■ Source records
--- START ---

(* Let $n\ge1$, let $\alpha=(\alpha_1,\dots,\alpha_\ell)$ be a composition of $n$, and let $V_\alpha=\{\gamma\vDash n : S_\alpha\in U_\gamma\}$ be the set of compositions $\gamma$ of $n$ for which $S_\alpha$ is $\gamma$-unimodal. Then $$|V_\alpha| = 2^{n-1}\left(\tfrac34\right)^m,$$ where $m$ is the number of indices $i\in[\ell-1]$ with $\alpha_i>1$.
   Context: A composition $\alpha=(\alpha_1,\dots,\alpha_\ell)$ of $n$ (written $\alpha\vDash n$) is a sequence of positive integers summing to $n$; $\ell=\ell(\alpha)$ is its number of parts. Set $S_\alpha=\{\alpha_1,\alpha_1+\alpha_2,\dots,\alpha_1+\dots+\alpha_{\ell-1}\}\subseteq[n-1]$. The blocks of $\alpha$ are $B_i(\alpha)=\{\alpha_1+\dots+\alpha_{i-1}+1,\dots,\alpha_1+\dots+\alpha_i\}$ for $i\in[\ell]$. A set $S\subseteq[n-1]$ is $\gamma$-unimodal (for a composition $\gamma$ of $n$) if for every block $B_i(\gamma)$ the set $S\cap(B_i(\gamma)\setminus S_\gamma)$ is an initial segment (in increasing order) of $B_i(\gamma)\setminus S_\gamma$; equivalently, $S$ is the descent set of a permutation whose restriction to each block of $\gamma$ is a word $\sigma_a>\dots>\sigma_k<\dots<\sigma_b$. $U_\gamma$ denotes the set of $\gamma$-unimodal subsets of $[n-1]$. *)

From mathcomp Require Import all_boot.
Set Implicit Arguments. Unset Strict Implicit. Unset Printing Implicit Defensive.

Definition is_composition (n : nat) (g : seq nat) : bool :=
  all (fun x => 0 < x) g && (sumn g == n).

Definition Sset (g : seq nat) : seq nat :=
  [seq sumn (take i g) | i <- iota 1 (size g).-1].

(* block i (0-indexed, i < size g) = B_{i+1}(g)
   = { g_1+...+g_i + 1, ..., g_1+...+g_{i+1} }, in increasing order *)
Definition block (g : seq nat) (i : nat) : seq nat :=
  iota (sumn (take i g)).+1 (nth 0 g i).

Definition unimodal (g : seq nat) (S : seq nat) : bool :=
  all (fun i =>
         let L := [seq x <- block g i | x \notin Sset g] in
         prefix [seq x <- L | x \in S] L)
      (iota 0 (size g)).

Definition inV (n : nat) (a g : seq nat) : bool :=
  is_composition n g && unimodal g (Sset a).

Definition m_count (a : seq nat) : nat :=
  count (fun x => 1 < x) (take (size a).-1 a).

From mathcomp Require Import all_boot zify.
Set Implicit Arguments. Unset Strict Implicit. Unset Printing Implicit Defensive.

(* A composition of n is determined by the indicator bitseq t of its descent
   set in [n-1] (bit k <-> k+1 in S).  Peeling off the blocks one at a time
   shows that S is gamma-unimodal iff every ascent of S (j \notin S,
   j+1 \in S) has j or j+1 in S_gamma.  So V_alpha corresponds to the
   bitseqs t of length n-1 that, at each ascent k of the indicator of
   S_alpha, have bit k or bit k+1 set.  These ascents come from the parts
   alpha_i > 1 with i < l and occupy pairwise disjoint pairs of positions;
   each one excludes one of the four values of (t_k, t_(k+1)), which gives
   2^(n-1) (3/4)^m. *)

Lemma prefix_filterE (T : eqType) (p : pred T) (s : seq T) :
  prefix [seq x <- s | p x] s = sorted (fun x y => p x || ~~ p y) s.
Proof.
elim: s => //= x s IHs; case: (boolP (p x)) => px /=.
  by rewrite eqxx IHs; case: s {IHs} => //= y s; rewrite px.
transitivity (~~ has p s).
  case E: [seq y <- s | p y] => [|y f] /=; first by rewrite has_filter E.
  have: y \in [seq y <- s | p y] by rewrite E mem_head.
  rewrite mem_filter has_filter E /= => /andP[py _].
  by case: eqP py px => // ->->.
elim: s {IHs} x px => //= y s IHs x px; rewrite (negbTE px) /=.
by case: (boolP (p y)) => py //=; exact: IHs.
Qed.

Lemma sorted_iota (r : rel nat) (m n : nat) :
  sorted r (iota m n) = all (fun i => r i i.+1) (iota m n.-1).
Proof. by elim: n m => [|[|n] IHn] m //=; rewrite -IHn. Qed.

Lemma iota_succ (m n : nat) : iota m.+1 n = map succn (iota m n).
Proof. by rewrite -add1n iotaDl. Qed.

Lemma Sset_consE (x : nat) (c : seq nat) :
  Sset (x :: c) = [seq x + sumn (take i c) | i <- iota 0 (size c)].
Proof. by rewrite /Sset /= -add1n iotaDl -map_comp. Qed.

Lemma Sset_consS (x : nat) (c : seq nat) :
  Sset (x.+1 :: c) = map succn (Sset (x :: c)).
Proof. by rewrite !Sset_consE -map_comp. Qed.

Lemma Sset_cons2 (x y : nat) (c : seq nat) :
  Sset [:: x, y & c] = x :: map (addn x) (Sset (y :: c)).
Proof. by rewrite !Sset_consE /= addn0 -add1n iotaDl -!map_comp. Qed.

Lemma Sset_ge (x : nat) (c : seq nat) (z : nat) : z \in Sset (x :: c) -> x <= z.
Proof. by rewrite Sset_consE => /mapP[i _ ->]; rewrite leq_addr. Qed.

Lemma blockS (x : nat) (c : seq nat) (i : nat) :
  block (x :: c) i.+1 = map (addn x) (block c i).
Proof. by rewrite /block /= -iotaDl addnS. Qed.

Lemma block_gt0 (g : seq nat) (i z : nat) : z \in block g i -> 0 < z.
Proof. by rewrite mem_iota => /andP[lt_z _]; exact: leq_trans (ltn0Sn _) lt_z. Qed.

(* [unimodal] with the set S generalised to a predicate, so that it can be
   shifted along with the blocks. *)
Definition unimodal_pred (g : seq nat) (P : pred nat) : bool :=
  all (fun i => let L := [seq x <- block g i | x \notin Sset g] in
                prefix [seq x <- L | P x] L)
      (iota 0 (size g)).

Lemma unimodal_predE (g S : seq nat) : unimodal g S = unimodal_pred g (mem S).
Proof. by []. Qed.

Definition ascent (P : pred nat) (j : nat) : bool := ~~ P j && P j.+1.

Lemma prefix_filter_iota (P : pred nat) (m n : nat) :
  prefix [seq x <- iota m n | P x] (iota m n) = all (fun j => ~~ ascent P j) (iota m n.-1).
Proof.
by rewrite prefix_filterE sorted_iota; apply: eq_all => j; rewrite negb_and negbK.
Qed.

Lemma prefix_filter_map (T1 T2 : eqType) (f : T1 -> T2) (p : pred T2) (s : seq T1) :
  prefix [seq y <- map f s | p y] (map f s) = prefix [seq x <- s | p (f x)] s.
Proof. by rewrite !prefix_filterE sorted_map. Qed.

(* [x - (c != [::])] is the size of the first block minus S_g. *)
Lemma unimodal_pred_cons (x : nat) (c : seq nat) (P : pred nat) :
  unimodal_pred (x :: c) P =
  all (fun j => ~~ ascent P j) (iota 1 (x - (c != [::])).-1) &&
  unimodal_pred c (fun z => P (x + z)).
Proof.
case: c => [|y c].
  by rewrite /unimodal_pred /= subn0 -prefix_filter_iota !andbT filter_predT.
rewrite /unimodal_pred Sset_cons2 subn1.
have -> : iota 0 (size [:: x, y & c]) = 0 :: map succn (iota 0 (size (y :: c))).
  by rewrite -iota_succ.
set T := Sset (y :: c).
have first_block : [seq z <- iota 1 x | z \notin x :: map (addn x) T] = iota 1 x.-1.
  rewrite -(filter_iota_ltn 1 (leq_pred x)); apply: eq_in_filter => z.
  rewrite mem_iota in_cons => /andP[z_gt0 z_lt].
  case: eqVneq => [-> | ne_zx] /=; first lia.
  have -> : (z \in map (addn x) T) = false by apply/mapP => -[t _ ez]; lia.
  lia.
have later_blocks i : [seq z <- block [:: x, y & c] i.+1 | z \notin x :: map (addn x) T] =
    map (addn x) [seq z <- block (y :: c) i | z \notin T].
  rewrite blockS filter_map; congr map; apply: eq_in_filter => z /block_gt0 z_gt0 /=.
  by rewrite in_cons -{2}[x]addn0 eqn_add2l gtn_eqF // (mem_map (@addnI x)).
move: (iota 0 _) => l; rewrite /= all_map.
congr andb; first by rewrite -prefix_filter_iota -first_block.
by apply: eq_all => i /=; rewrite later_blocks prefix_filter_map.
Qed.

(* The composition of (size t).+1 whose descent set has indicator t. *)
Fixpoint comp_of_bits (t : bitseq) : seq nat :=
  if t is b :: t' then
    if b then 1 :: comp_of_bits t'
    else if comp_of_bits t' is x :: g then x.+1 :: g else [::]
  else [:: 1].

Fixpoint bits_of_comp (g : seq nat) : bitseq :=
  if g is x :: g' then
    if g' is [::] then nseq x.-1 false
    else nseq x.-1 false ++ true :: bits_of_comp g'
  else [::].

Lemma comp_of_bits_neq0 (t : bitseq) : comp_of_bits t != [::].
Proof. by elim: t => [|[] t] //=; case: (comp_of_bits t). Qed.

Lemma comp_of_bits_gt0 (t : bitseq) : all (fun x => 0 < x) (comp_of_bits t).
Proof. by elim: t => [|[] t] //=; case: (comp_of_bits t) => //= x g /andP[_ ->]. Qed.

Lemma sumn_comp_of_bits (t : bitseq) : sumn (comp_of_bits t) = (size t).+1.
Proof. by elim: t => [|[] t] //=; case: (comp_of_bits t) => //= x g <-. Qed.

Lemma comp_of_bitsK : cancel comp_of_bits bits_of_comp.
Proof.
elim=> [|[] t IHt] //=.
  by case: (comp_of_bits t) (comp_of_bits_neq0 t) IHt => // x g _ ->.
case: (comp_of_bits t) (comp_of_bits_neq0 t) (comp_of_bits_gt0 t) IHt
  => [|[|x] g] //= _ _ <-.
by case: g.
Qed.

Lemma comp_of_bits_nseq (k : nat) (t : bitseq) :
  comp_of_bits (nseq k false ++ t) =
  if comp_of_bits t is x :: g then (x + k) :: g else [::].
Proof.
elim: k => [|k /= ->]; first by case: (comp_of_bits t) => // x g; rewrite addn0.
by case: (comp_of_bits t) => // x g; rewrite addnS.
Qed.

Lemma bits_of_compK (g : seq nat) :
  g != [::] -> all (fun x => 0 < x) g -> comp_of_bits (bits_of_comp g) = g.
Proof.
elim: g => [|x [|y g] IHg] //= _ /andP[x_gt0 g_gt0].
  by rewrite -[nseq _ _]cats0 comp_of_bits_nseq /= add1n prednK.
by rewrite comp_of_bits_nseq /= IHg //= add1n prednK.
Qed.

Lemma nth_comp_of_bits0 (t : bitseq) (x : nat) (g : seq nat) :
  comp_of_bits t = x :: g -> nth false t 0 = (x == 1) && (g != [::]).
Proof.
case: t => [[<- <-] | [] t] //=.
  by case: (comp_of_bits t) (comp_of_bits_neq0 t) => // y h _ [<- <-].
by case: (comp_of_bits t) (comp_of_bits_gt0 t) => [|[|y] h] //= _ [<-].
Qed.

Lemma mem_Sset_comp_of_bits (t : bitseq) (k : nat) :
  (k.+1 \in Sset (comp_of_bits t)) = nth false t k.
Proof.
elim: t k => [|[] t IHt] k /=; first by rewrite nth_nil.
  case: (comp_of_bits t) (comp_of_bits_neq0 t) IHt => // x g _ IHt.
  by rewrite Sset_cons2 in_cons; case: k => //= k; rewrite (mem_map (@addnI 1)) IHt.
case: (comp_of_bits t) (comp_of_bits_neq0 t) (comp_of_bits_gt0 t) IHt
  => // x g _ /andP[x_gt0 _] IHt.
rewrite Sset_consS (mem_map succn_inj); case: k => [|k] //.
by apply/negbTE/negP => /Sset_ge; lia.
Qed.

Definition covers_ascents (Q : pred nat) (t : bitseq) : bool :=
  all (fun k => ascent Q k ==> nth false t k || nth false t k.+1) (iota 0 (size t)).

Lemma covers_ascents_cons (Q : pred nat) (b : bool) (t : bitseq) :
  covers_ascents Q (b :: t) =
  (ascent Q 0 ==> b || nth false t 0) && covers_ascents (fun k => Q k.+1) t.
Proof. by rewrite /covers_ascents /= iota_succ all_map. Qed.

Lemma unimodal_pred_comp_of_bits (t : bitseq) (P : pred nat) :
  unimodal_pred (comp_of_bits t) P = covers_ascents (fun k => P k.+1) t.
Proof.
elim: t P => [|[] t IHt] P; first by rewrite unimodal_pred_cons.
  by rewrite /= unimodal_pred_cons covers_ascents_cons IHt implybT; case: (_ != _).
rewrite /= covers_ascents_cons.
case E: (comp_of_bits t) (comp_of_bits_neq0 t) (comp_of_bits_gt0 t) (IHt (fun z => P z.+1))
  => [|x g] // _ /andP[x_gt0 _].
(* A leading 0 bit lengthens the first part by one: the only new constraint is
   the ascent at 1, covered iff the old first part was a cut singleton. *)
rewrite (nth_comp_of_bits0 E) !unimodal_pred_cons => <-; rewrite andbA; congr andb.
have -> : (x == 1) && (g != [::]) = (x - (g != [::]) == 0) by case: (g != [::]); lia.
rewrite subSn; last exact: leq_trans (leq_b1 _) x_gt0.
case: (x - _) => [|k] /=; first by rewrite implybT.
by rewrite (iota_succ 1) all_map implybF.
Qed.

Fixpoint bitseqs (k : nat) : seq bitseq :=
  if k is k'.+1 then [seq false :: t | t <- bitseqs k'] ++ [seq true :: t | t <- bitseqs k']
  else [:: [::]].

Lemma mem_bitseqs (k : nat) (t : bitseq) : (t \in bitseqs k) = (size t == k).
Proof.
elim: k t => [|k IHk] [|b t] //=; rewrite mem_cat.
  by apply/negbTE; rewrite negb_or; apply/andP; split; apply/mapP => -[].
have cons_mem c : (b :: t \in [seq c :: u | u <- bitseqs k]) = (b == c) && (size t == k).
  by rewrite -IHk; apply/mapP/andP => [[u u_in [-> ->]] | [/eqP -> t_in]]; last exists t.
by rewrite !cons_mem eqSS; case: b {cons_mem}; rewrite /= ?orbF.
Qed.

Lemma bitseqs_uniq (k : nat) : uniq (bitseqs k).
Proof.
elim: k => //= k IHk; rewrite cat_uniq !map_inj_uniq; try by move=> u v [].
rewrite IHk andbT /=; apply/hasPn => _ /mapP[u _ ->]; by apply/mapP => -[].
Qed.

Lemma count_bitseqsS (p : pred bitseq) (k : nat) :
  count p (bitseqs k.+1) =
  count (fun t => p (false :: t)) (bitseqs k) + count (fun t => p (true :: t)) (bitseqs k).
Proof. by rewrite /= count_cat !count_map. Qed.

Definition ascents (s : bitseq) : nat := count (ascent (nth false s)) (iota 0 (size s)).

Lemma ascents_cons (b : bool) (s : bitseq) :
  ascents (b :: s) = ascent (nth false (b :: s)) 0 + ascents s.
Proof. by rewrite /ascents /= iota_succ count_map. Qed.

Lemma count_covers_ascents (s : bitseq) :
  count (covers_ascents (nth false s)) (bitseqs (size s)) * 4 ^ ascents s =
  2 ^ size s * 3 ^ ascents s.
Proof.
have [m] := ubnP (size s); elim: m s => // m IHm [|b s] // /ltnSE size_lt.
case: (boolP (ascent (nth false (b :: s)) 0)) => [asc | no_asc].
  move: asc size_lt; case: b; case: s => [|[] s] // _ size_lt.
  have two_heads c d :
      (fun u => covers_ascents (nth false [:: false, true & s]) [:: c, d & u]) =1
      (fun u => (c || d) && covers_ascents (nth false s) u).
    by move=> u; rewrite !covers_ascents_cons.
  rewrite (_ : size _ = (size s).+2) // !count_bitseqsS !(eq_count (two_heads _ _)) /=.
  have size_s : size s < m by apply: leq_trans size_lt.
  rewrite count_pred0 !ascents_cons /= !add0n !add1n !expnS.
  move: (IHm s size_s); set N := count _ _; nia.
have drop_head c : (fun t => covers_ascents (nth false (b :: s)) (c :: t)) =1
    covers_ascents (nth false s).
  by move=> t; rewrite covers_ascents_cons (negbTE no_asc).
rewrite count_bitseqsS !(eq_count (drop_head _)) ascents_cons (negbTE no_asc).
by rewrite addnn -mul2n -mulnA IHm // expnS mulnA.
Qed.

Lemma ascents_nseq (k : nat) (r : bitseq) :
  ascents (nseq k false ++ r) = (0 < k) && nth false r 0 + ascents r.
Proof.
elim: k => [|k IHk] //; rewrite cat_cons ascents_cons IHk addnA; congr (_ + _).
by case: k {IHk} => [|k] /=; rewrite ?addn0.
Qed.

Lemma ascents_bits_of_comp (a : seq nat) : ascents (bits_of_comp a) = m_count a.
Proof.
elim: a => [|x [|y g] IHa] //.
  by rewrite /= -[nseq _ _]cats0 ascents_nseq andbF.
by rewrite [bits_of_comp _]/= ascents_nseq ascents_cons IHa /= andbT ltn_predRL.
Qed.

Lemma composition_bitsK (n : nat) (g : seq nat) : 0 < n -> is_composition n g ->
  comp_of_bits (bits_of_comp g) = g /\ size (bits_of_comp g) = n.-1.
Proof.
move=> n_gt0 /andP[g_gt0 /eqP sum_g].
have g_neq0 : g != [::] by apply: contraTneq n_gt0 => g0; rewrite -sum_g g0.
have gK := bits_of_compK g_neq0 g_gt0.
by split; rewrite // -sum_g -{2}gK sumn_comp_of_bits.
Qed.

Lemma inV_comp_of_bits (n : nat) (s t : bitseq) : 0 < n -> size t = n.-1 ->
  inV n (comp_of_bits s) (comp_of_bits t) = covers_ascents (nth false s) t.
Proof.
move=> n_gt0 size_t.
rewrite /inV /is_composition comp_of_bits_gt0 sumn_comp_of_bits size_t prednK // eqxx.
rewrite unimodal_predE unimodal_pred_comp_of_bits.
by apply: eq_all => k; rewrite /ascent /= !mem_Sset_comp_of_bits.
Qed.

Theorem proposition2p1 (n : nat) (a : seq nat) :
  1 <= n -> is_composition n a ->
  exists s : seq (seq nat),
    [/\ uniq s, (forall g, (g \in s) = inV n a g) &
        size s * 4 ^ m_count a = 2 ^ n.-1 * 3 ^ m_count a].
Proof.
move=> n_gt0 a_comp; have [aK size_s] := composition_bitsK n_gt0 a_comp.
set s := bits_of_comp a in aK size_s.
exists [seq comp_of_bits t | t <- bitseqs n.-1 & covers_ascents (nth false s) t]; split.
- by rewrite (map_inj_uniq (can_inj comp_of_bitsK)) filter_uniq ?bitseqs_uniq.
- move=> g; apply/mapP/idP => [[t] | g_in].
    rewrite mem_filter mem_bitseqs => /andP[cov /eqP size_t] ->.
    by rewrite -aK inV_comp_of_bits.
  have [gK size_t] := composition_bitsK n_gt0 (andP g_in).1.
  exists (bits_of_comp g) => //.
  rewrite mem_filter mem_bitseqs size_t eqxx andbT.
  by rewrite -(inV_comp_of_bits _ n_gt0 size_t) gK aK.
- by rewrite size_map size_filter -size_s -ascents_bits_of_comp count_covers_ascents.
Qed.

--- END ---

■ Task goal
Look above for the line holding "by case: g." and the line holding "IHt => // x g _ IHt.". Retype both, and every line between them, word for word and nothing else.

■ Reply
by case: g.
Qed.

Lemma comp_of_bits_nseq (k : nat) (t : bitseq) :
  comp_of_bits (nseq k false ++ t) =
  if comp_of_bits t is x :: g then (x + k) :: g else [::].
Proof.
elim: k => [|k /= ->]; first by case: (comp_of_bits t) => // x g; rewrite addn0.
by case: (comp_of_bits t) => // x g; rewrite addnS.
Qed.

Lemma bits_of_compK (g : seq nat) :
  g != [::] -> all (fun x => 0 < x) g -> comp_of_bits (bits_of_comp g) = g.
Proof.
elim: g => [|x [|y g] IHg] //= _ /andP[x_gt0 g_gt0].
  by rewrite -[nseq _ _]cats0 comp_of_bits_nseq /= add1n prednK.
by rewrite comp_of_bits_nseq /= IHg //= add1n prednK.
Qed.

Lemma nth_comp_of_bits0 (t : bitseq) (x : nat) (g : seq nat) :
  comp_of_bits t = x :: g -> nth false t 0 = (x == 1) && (g != [::]).
Proof.
case: t => [[<- <-] | [] t] //=.
  by case: (comp_of_bits t) (comp_of_bits_neq0 t) => // y h _ [<- <-].
by case: (comp_of_bits t) (comp_of_bits_gt0 t) => [|[|y] h] //= _ [<-].
Qed.

Lemma mem_Sset_comp_of_bits (t : bitseq) (k : nat) :
  (k.+1 \in Sset (comp_of_bits t)) = nth false t k.
Proof.
elim: t k => [|[] t IHt] k /=; first by rewrite nth_nil.
  case: (comp_of_bits t) (comp_of_bits_neq0 t) IHt => // x g _ IHt.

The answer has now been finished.